Can a state exercise jurisdiction over a petitioner if the he aimed "bad actions" towards
that forum state?

HELD:

Yes. A state can exercise jurisdiction over a petitioner based on the "effects test" - a state
has power to exercise personal jurisdiction over a party who causes effects in a state by an
act done elsewhere with respect to any cause of action arising from these effects.

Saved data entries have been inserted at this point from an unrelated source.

(* Let $q$ be an odd prime power, $n=2^v$ with $v\ge1$, $s$ an odd integer and $t$ an integer with $qt\equiv t\pmod{2^v}$. If Type-I duadic splittings of $\mathbb{Z}_{2^v}$ given by $\rho_{s,t}$ exist, then Type-I duadic splittings of $\mathbb{Z}_{2^v}$ given by $\tau_t=\rho_{1,t}$ exist.
   Context: $\mu_q:\mathbb{Z}_n\to\mathbb{Z}_n$, $i\mapsto qi\bmod n$; $P$ is $\mu_q$-invariant if $\mu_q(P)=P$. $\rho_{s,t}:\mathbb{Z}_n\to\mathbb{Z}_n$, $i\mapsto s(i+t)\bmod n$; $\tau_t(i)=i+t\bmod n$. Type-I duadic splittings of $\mathbb{Z}_n$ given by $\rho_{s,t}$ exist if there is a $\mu_q$-invariant $P$ with $\mathbb{Z}_n=P\cup\rho_{s,t}(P)$ a disjoint union. *)

From HB Require Import structures.
From mathcomp Require Import all_boot all_order all_algebra.
Set Implicit Arguments. Unset Strict Implicit. Unset Printing Implicit Defensive.
Import GRing.Theory.
Local Open Scope ring_scope.

(* Z_n is represented by 'Z_n (valid here since n = 2^v >= 2). *)

Definition mu (n q : nat) (i : 'Z_n) : 'Z_n := q%:R * i.

Definition rho (n : nat) (s t : int) (i : 'Z_n) : 'Z_n := s%:~R * (i + t%:~R).

Definition tau (n : nat) (t : int) (i : 'Z_n) : 'Z_n := i + t%:~R.

Definition typeI_duadic_exists (n q : nat) (f : 'Z_n -> 'Z_n) : Prop :=
  exists P : {set 'Z_n},
    [/\ mu q @: P = P, [disjoint P & f @: P] & P :|: f @: P = setT].

Definition prime_power (q : nat) : Prop :=
  exists p k : nat, [/\ prime p, (0 < k)%N & q = (p ^ k)%N].

Arguments mu n q i : clear implicits.
Arguments rho n s t i : clear implicits.
Arguments tau n t i : clear implicits.
Arguments typeI_duadic_exists n q f : clear implicits.

From mathcomp Require Import all_boot all_order all_algebra.
From mathcomp Require Import ring zify.
Set Implicit Arguments. Unset Strict Implicit. Unset Printing Implicit Defensive.
Import GRing.Theory.

(* A splitting by rho_{s,t} forces rho_{s,t} to have no fixed point and to
   differ from mu_q everywhere.  Writing x = s y, this says that the congruences
   (1 - s) y = t and (q - s) y = t have no solution in Z_{2^v}, so 2g divides
   1 - s, q - s and 2^v, where g = gcd(t, 2^v).  Hence q = 1 and t = g modulo 2g,
   and the residues i with i mod 2g < g form a mu_q-invariant set that tau_t
   exchanges with its complement. *)

Section Splittings.

Variables (T : finType) (P : {set T}).

Lemma imset_eq_mono (g : T -> T) : injective g ->
  g @: P = P <-> forall x, (g x \in P) = (x \in P).
Proof.
move=> g_inj; split=> [gP x | gP]; first by rewrite -{1}gP mem_imset.
apply/eqP; rewrite eqEcard card_imset // leqnn andbT.
by apply/subsetP=> _ /imsetP[x xP ->]; rewrite gP.
Qed.

Lemma splitting_flip (f : T -> T) : injective f ->
  [disjoint P & f @: P] /\ P :|: f @: P = setT <->
  forall x, (f x \in P) = (x \notin P).
Proof.
move=> f_inj; split=> [[dis cov] x | fP].
  case xP: (x \in P); first by apply: (disjointFl dis); rewrite mem_imset.
  have: f x \in P :|: f @: P by rewrite cov inE.
  by rewrite in_setU mem_imset // xP orbF.
split.
  rewrite disjoint_subset; apply/subsetP=> y yP; rewrite inE /=.
  by apply/imsetP=> -[x xP yE]; move: yP; rewrite yE fP xP.
apply/setP=> y; rewrite in_setU in_setT; case yP: (y \in P) => //=.
have [h hK Kh] := injF_bij f_inj.
by apply/imsetP; exists (h y); rewrite ?Kh // -[_ \in P]negbK -fP Kh yP.
Qed.

Lemma splitting_neq (g f : T -> T) : injective g -> injective f ->
  [/\ g @: P = P, [disjoint P & f @: P] & P :|: f @: P = setT] ->
  forall x, f x != g x.
Proof.
move=> g_inj f_inj [/(imset_eq_mono g_inj) gP dis cov] x.
have fP := (splitting_flip f_inj).1 (conj dis cov) x.
by apply/eqP=> fg; move: fP; rewrite fg gP; case: (x \in P).
Qed.

End Splittings.

Lemma modn_add_half (r g : nat) :
  r < 2 * g -> ((r + g) %% (2 * g) < g) = (g <= r).
Proof.
move=> r_lt; case: (leqP g r) => [g_le | r_lt_g].
  by rewrite -[r](subnK g_le) -addnA addnn -mul2n modnDr modn_small; lia.
by rewrite modn_small; lia.
Qed.

Lemma pfactor_ndvd_gcd (p v d m : nat) : prime p ->
  d %| p ^ v -> ~~ (d %| m) -> p * gcdn m (p ^ v) %| d.
Proof.
move=> p_prime /(dvdn_pfactor _ _ p_prime)[a _ ->] d_ndvd.
have /(dvdn_pfactor _ _ p_prime)[b _ gE] := dvdn_gcdr m (p ^ v).
have p_gt1 := prime_gt1 p_prime.
rewrite gE -expnS dvdn_Pexp2l // ltnNge; apply: contra d_ndvd => a_le_b.
by rewrite (dvdn_trans _ (dvdn_gcdl m (p ^ v))) // gE dvdn_Pexp2l.
Qed.

Lemma modn_double_gcd (m n : nat) :
  2 * gcdn m n %| n -> m %% (2 * gcdn m n) = gcdn m n.
Proof.
set g := gcdn m n => g2_dvdn.
have [w mE] := dvdnP (dvdn_gcdl m n); rewrite -/g in mE.
have [g0 | g_gt0] := posnP g; first by rewrite mE g0 muln0.
case/boolP: (odd w) => [w_odd | w_even].
  rewrite mE -[w]odd_double_half w_odd -mul2n mulnDl mul1n addnC mulnAC.
  by rewrite [_ * w./2]mulnC modnMDl modn_small //; lia.
suff: 2 * g %| g by move/dvdn_leq; lia.
rewrite dvdn_gcd g2_dvdn andbT mE -[w]odd_double_half (negbTE w_even).
by rewrite add0n -mul2n mulnAC dvdn_mulr.
Qed.

Local Open Scope ring_scope.

Section ZpArith.

Variable N : nat.
Hypothesis N_gt1 : (1 < N)%N.

Lemma Zp_int_unit (s : int) : coprime N `|s| -> (s%:~R : 'Z_N) \is a GRing.unit.
Proof.
move=> s_coprime; rewrite [s]intEsign rmorphM /= unitrM.
by rewrite rmorphXn rmorphN1 unitrX ?unitrN1 //= -pmulrn unitZpE.
Qed.

Lemma Zp_int_mul_solvable (a : int) (k : nat) :
  (gcdn `|a| N %| k)%N -> exists y : 'Z_N, a%:~R * y = k%:R.
Proof.
move=> /dvdnP[m ->]; have [u [w uwE]] := Bezoutz a N.
have N0 : (N%:~R : 'Z_N) = 0 by rewrite -pmulrn pchar_Zp.
exists (u * m)%:~R.
have := congr1 (fun z : int => (z * m)%:~R : 'Z_N) uwE.
rewrite /= !rmorphM rmorphD !rmorphM /= N0 mulr0 addr0 => /esym gcdE.
by rewrite mulrA [a%:~R * _]mulrC -gcdE mulrC -!pmulrn.
Qed.

Lemma rho_neq_scale_ndvd (s t : int) (c : nat) :
  (forall x : 'Z_N, rho N s t x != c%:R * x) ->
  ~~ (gcdn `|c%:Z - s| N %| (t%:~R : 'Z_N))%N.
Proof.
move=> rho_neq; apply/negP=> /Zp_int_mul_solvable[y yE].
move/eqP: (rho_neq (s%:~R * y)); apply.
by rewrite /rho -[t%:~R]natr_Zp -yE rmorphB /= -pmulrn; ring.
Qed.

Section HalfBlocks.

Variable g : nat.
Hypothesis g2_dvdN : (2 * g %| N)%N.

Definition half_blocks : {set 'Z_N} := [set i : 'Z_N | (i %% (2 * g) < g)%N].

Lemma half_blocks_natr (n : nat) : (n%:R \in half_blocks) = (n %% (2 * g) < g)%N.
Proof. by rewrite inE val_Zp_nat // modn_dvdm. Qed.

Lemma half_blocks_mulr (q : nat) : q = 1 %[mod 2 * g] ->
  forall i, (q%:R * i \in half_blocks) = (i \in half_blocks).
Proof.
move=> qE i; rewrite -[i in q%:R * i]natr_Zp -natrM half_blocks_natr.
by rewrite -modnMml qE modnMml mul1n inE.
Qed.

Lemma half_blocks_addr (k : nat) : (k %% (2 * g) = g)%N ->
  forall i, (i + k%:R \in half_blocks) = (i \notin half_blocks).
Proof.
have g_gt0 : (0 < g)%N.
  by rewrite lt0n; apply: contraTneq g2_dvdN => ->; rewrite dvd0n; lia.
move=> kE i; rewrite -[i in i + _]natr_Zp -natrD half_blocks_natr -modnDm kE.
by rewrite modn_add_half ?ltn_pmod ?muln_gt0 // inE -leqNgt.
Qed.

Lemma half_blocks_splitting (q : nat) (t : int) :
  coprime N q -> q = 1 %[mod 2 * g] -> ((t%:~R : 'Z_N) %% (2 * g) = g)%N ->
  typeI_duadic_exists N q (rho N 1 t).
Proof.
move=> q_coprime qE tE; exists half_blocks.
have mu_inj : injective (mu N q) by apply/mulrI; rewrite unitZpE.
have rho_inj : injective (rho N 1 t) by move=> x y; rewrite /rho !mul1r => /addIr.
have [dis cov] : [disjoint half_blocks & rho N 1 t @: half_blocks] /\
    half_blocks :|: rho N 1 t @: half_blocks = setT.
  apply/(splitting_flip _ rho_inj)=> i.
  by rewrite /rho mul1r -[t%:~R]natr_Zp half_blocks_addr.
by split=> //; apply/(imset_eq_mono _ mu_inj)=> i; rewrite half_blocks_mulr.
Qed.

End HalfBlocks.

End ZpArith.

Lemma eqn_mod_of_dvdz (d a b : nat) (s : int) :
  (d %| `|a%:Z - s|)%N -> (d %| `|b%:Z - s|)%N -> a = b %[mod d].
Proof.
move=> da db; apply/eqP; rewrite -eqz_nat -!modz_nat eqz_mod_dvd.
have -> : a%:Z - b%:Z = (a%:Z - s) - (b%:Z - s) by ring.
by apply: rpredB; rewrite dvdzE.
Qed.

Theorem lemma3p7 (q v : nat) (s t : int) :
  prime_power q -> odd q -> (1 <= v)%N -> odd `|s|%N ->
  (q%:Z * t = t %[mod (2 ^ v)%N%:Z])%Z ->
  typeI_duadic_exists (2 ^ v) q (rho (2 ^ v) s t) ->
  typeI_duadic_exists (2 ^ v) q (rho (2 ^ v) 1 t).
Proof.
move=> _ q_odd v_gt0 s_odd _ [P splitP].
set N := (2 ^ v)%N.
have N_gt1 : (1 < N)%N by rewrite -{1}(expn0 2) ltn_exp2l.
have N_coprime n : odd n -> coprime N n by rewrite coprime_pexpl // coprime2n.
have mu_inj : injective (mu N q) by apply/mulrI; rewrite unitZpE // N_coprime.
have rho_inj : injective (rho N s t).
  by move=> x y /(mulrI (Zp_int_unit N_gt1 (N_coprime _ s_odd))) /addIr.
have rho_neq_id x : rho N s t x != 1%:R * x.
  rewrite mul1r; apply: (@splitting_neq _ P id) => //.
  by case: splitP; rewrite imset_id.
have rho_neq_mu := splitting_neq mu_inj rho_inj splitP.
set g := gcdn (t%:~R : 'Z_N) N.
have [g2_dvd1s g2_dvdqs] :
    (2 * g %| gcdn `|1%:Z - s| N)%N /\ (2 * g %| gcdn `|q%:Z - s| N)%N.
  by split; apply: pfactor_ndvd_gcd (dvdn_gcdr _ _) (rho_neq_scale_ndvd _ _).
have g2_dvdN := dvdn_trans g2_dvd1s (dvdn_gcdr _ _).
apply: (half_blocks_splitting N_gt1 g2_dvdN).
- exact: N_coprime.
- exact: eqn_mod_of_dvdz (dvdn_trans g2_dvdqs (dvdn_gcdl _ _))
                         (dvdn_trans g2_dvd1s (dvdn_gcdl _ _)).
- exact: modn_double_gcd.
Qed.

The allegedly libelous story concerned the California activities of a California resident. It
impugned the professionalism of an entertainer whose television career was centered in
California. The article was drawn from California sources, and the brunt of the harm, in terms
both of respondent's emotional distress and the injury to her professional reputation, was
suffered in California. In sum, California is the focal point both of the story and of the harm
suffered. Jurisdiction over petitioners is therefore proper in California based on the "effects" of
their Florida conduct in California. Their intentional, and allegedly tortious, actions were
expressly aimed at California. Petitioner South wrote and petitioner Calder edited an article
that they knew would have a potentially devastating impact upon respondent. And they knew
that the brunt of that injury would be felt by respondent in the State in which she lives and
works and in which the National Enquirer has its largest circulation. Under the circumstances,
petitioners must "reasonably anticipate being haled into court there" to answer for the truth of
the statements made in their article.

An individual injured in California need not go to Florida to seek redress from persons
who, though remaining in Florida, knowingly cause the injury in California.